Too late. It broke before he could finish speaking.
She spewed like a fire hose, directly at Cody. The projectile of warm fluid, probably a couple of gallons of it, completely drenched the boy.
“Holy shit,” he yelled, jumping back.
“Sorry.” Sam bit the inside of his cheek to keep from laughing. “I tried to warn you.”
“Thanks for nothing, man.”
“You want to go find some dry clothes?”
Cody made for the door, then hesitated. “Will I miss anything?”
“The foal will come any minute now.”
“I’ll stay then.” He ripped off his coat—the black leather thing Sam hated—and dropped it on the floor in the corner. And it was odd, but it seemed to Sam that the kid shed some of his cynicism along with the coat. He could look at Cody now and see a boy, eager and bright-eyed, his young face ablaze with interest.
“Holy shit,” he said again.
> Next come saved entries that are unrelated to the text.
Lemma bump_exp_high g N j : (N < j)%N ->
  Lam (bump_exp g j) N = Lam g N /\ Pi (bump_exp g j) N = Pi g N.
Proof.
move=> hj; rewrite !LamE !PiE; split; apply: eq_big_nat => k hk;
  by rewrite /bump_exp (_ : (k == j) = false) ?addr0 //; apply/negbTE; lia.
Qed.

Lemma prod_factor_out (h : nat -> {poly int}) N j : (1 <= j <= N)%N ->
  \prod_(1 <= k < N.+1) h k = h j * \prod_(1 <= k < N.+1 | k != j) h k.
Proof. by move=> hj; rewrite (bigD1_seq j) ?iota_uniq // mem_index_iota ltnS. Qed.

Lemma prod_bump_exp_other (p : int -> nat) g N j :
  \prod_(1 <= k < N.+1 | k != j) (1 - 'X^k) ^+ p (bump_exp g j k) =
  \prod_(1 <= k < N.+1 | k != j) (1 - 'X^k) ^+ p (g k) :> {poly int}.
Proof. by apply: eq_bigr => k /negbTE kj; rewrite /bump_exp kj addr0. Qed.

Lemma bump_exp_cases (z : int) :
  (negp z = (negp (z + 1)).+1 /\ posp (z + 1) = posp z) \/
  (negp (z + 1) = negp z /\ posp (z + 1) = (posp z).+1).
Proof.
by rewrite /negp /posp; case: (ltrP z 0) => hz; [left|right]; do ![case: ifPn => ?]; lia.
Qed.

Lemma hasexp_factor F g N j : (0 < j)%N ->
  hasexp (F * (1 - 'X^j)) (bump_exp g j) N <-> hasexp F g N.
Proof.
move=> hj; case: (leqP j N) => hjN; last first.
  rewrite /hasexp; have [-> ->] := bump_exp_high g hjN.
  have high : eqm N (F * (1 - 'X^j) * Lam g N) (F * Lam g N).
    by rewrite mulrAC -[X in eqm _ _ X]mulr1; apply: eqmMl; exact: eqm_factor_high.
  by split=> h k hk; rewrite -h // high.
have hjr : (1 <= j <= N)%N by rewrite hj.
rewrite /hasexp !LamE !PiE !(prod_factor_out _ hjr) !prod_bump_exp_other.
rewrite /bump_exp eqxx mulr1n.
set L := \prod_(1 <= k < N.+1 | k != j) _; set P := \prod_(1 <= k < N.+1 | k != j) _.
set t := 1 - 'X^j; case: (bump_exp_cases (g j)) => [[-> ->]|[-> ->]].
  rewrite (_ : F * t * (t ^+ _ * L) = F * (t ^+ (negp (g j + 1)).+1 * L)) //.
  by rewrite exprS; ring.
rewrite (_ : F * t * (t ^+ _ * L) = F * (t ^+ negp (g j) * L) * t); last by ring.
rewrite exprS (_ : t * _ * P = t ^+ posp (g j) * P * t); last by ring.
exact: eqm_cancel_factor.
Qed.

Lemma hasexp_factors F g N (l : seq nat) :
  all (fun x => 0 < x)%N l -> hasexp F g N ->
  hasexp (F * \prod_(x <- l) (1 - 'X^x)) (fun k => g k + (count_mem k l)%:R) N.
Proof.
elim: l F g => [|x l IH] F g /=.
  by move=> _ H; rewrite big_nil mulr1; apply: hasexp_ext H => k; rewrite addr0.
move=> /andP [hx hl] H; rewrite big_cons mulrA.
apply: hasexp_ext (IH _ _ hl (proj2 (hasexp_factor F g N hx) H)) => k.
by rewrite /bump_exp natrD addrA eq_sym.
Qed.

Lemma prod_factors_coef0 (m : nat) (h : nat -> nat) :
  (\prod_(1 <= j < m.+1) (1 - 'X^j) ^+ h j : {poly int})`_0 = 1.
Proof.
rewrite big_nat_cond; apply: (big_ind (fun p : {poly int} => p`_0 = 1)).
- by rewrite coef1.
- by move=> p q hp hq; rewrite coef0M hp hq mulr1.
by move=> j /andP [/andP [hj _] _]; apply: coef0_factor.
Qed.

Lemma exp_recursion F g n : hasexp F g n -> F`_0 = 1 -> (0 < n)%N ->
  g n = (Pi g n.-1)`_n - (F * Lam g n.-1)`_n.
Proof.
case: n => [|m] // H F0 _; have := H m.+1 (leqnn _).
rewrite LamE PiE (big_nat_recr m.+1) // (big_nat_recr m.+1) //= -LamE -PiE mulrA.
rewrite !coef_factor_at // coef0M F0 LamE PiE !prod_factors_coef0 !mulr1 -LamE -PiE.
move=> E; rewrite -(posp_negp (g m.+1)); move: E.
move: ((posp (g m.+1))%:R : int) ((negp (g m.+1))%:R : int) => b a.
by move: ((Pi g m)`_m.+1) ((F * Lam g m)`_m.+1) => P Q; lia.
Qed.
End ExponentSequences.

Section AmbiguouslySupported.
Variable A : seq nat.
Hypothesis hmin : min_gens A.
Local Notation ambiguous := (ambiguous A).
Local Open Scope ring_scope.

Definition amb_supported (N : nat) (p : {poly int}) :=
  p`_0 = 1 /\ forall k, (0 < k <= N)%N -> p`_k != 0 -> ambiguous k.

Lemma amb_supported1 N : amb_supported N 1.
Proof. by split=> [|[|k] //]; rewrite coef1. Qed.

(* Closure under products, since ambiguous + ambiguous is ambiguous. *)
Lemma amb_supportedM N p q :
  amb_supported N p -> amb_supported N q -> amb_supported N (p * q).
Proof.
move=> [p0 hp] [q0 hq]; split; first by rewrite coef0M p0 q0 mulr1.
move=> k hk; rewrite coefM => /sum_neq0 [i]; rewrite mulf_eq0 negb_or => /andP [pi qi].
have ik := ltn_ord i; case: (posnP i) => [i0|i_pos].
  by move: qi; rewrite i0 subn0; apply: hq.
case: (ltnP i k) => [ilt|kle]; last by rewrite (_ : k = i) in hk *; [exact: hp | lia].
have Ui : ambiguous i by apply: hp pi; lia.
have Uk : ambiguous (k - i) by apply: hq qi; lia.
by have := ambiguous_add hmin Ui (ambiguous_inS Uk); rewrite subnKC // ltnW.
Qed.
(* Let $J_1,J_2$ be abelian topological semigroups and $n\in\mathbf{Z}_+$. If $P^n(J_1)$ is finite dimensional, then $P^n(J_1\times J_2)=\sum_{m=0}^n P^m(J_1)\otimes P^{n-m}(J_2)$, i.e. every $p\in P^n(J_1\times J_2)$ is a finite sum of functions $(s,t)\mapsto f(s)g(t)$ with $f\in P^m(J_1)$, $g\in P^{n-m}(J_2)$ for some $0\le m\le n$, and every such sum lies in $P^n(J_1\times J_2)$.
   Context: $\mathbf{Z}_+=\{0,1,2,\dots\}$. For an abelian topological semigroup $S$, a continuous $p:S\to\mathbf{C}$ is a polynomial of degree at most $n$ if for all $s,t\in S$ the map $m\mapsto p(s+mt)$, $m\in\mathbf{Z}_+$, is a polynomial in $m$ of degree at most $n$; $P^n(S)$ is the space of these. $J_1\times J_2$ carries the product topology and componentwise operation. *)

From HB Require Import structures.
From mathcomp Require Import all_boot all_order all_algebra.
From mathcomp Require Import all_classical all_reals topology normedtype.
From mathcomp Require Import complex.
Set Implicit Arguments. Unset Strict Implicit. Unset Printing Implicit Defensive.
Import Order.TTheory GRing.Theory Num.Theory numFieldTopology.Exports numFieldNormedType.Exports.
Local Open Scope ring_scope.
His eyes grew round.
The silvery-slick balloon of the amnion started to come through. “Lie down, baby,” Sam said to Sylvia. “Lie down, there’s a girl.”
After a few minutes, she complied, lowering herself with a grunt of effort.
“Stay down, baby.” Sam knelt by her head, holding it and murmuring in her ear. “Stay—”
With a defiant clearing of her throat, Sylvia lurched to her feet.
“That’s bad, right?” Cody asked, his face paler than it had been a minute earlier. “She shouldn’t be standing up, right?”
“It’s better if she lies down,” Sam admitted. “But it’s pretty pointless to argue with a fifteen-hundred-pound horse. She—”
He broke off as the mare’s sides began to fan violently in and out. “Here she comes,” Edward said, returning from the office with a cordless phone in his hand.